Definition corona_tree (VQ : {set T}) (eQ : rel T) : Prop :=
  [/\ is_tree VQ eQ, subrel eQ e,
      (forall x, x \in VQ ->
         ~~ is_leaf [set: T] e x && ~~ is_support [set: T] e x),
      (exists f : T -> T,
         {in VQ &, injective f} /\
         forall x, x \in VQ ->
           [/\ f x \notin VQ, ~~ is_leaf [set: T] e (f x) & e x (f x)]) &
      (forall x, x \in VQ -> deg [set: T] e x = (deg VQ eQ x).+1)].

End Corona.

Section Construction.
Variables (T : finType) (e : rel T) (alpha : T -> nat).
Hypotheses (esym : symmetric e) (eirr : irreflexive e).
Hypothesis alpha_gt0 : forall v, leafH e v -> 0 < alpha v.
Hypothesis nbr : forall v, exists u, e v u.
Variables (Q : {set T}) (f : T -> T).
Hypothesis frame : corona_frame e Q f.

Notation leaf := (leafH e).
Notation G := (S2e e alpha).
Notation V := (S2V e alpha).

Lemma frame_nonleaf x : x \in Q -> ~~ leaf x.
Proof. by case: frame => + _ _ _; apply. Qed.

Lemma frame_f x : x \in Q -> [/\ f x \notin Q, ~~ leaf (f x) & e x (f x)].
Proof. by case: frame => _ + _ _; apply. Qed.

Lemma frame_inj : {in Q &, injective f}.
Proof. by case: frame. Qed.

Lemma frame_nbr x v : x \in Q -> e x v -> v \notin Q -> v = f x.
Proof.
case: frame => _ _ _ closed xQ xv vQ; apply/eqP; apply: contraNT vQ.
exact: closed.
Qed.

Lemma leaf_notin_frame v : leaf v -> v \notin Q.
Proof. by move=> lv; apply: contraL lv; apply: frame_nonleaf. Qed.

Lemma frame_nbr_in x : x \in Q -> exists2 y, y \in Q & e x y.
Proof.
move=> xQ; have [y xy yf] := nonleaf_other_nbr nbr (f x) (frame_nonleaf xQ).
exists y => //; apply: contraT => yQ.
by rewrite (frame_nbr xQ xy yQ) eqxx in yf.
Qed.
(* p = c : since p <= c always, p = c says no family of size < c
   witnesses the definition of p, i.e. every family F of infinite sets of
   size < c with SFIP has an infinite pseudointersection. *)
Definition p_eq_c : Prop :=
  forall F : set (set nat), lt_continuum F ->
    (forall A, F A -> infinite_set A) -> SFIP F -> has_pseudointersection F.

From mathcomp Require Import all_boot.
From mathcomp Require Import boolp classical_sets cardinality wochoice.
From Stdlib Require Cantor.
From Stdlib Require Import Inverse_Image.
Local Open Scope classical_set_scope.

(* Under p = c, every family of fewer than c functions is eventually dominated,
   and if B is AD with |B| < c then every set not almost covered by finitely
   many members of B has an infinite subset almost disjoint from all of B.
   Hence, for such B and a sequence (X n) as in the definition of strong
   tightness of I(B), each X n contains an infinite P n that is either almost
   disjoint from B or inside a single member of B, each member being used for
   finitely many n only; one point of each P n above a dominating function
   gives an infinite N almost disjoint from B meeting every X n.  Enumerating
   all sequences (coded by subsets of nat) along a well-order whose initial
   segments have size < c and adding such an N at each stage extends A to a
   strongly tight AD family, and strongly tight AD families are maximal. *)

Arguments Cantor.to_nat : simpl never.
Arguments Cantor.of_nat : simpl never.

Lemma finite_nat_bounded {A : set nat} : finite_set A -> exists m, A `<=` `I_m.
Proof.
move=> /finite_fsetP[X ->]; exists (\max_(x <- finmap.enum_fset X) x).+1 => x /= xX.
by rewrite ltnS; apply: (@leq_bigmax_seq _ _ predT (fun y => y)).
Qed.

Lemma infinite_natP (A : set nat) :
  infinite_set A <-> forall m, exists2 x, (m <= x)%N & A x.
Proof.
split=> [A_inf m|A_unbounded /finite_nat_bounded[m Am]].
  apply: contrapT => no_x; apply: A_inf; apply: (sub_finite_set _ (finite_II m)).
  by move=> x Ax /=; rewrite ltnNge; apply/negP => mx; apply: no_x; exists x.
by have [x mx /Am] := A_unbounded m; rewrite /= ltnNge mx.
Qed.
★ ★ ★ ★ ★
**WHAT TO WORK ON**
Every line from the one containing "by move=> x" through the end of the entries above must be echoed exactly, with both ends kept.

**EXPECTED ANSWER**
  by move=> x Ax /=; rewrite ltnNge; apply/negP => mx; apply: no_x; exists x.
by have [x mx /Am] := A_unbounded m; rewrite /= ltnNge mx.
Qed.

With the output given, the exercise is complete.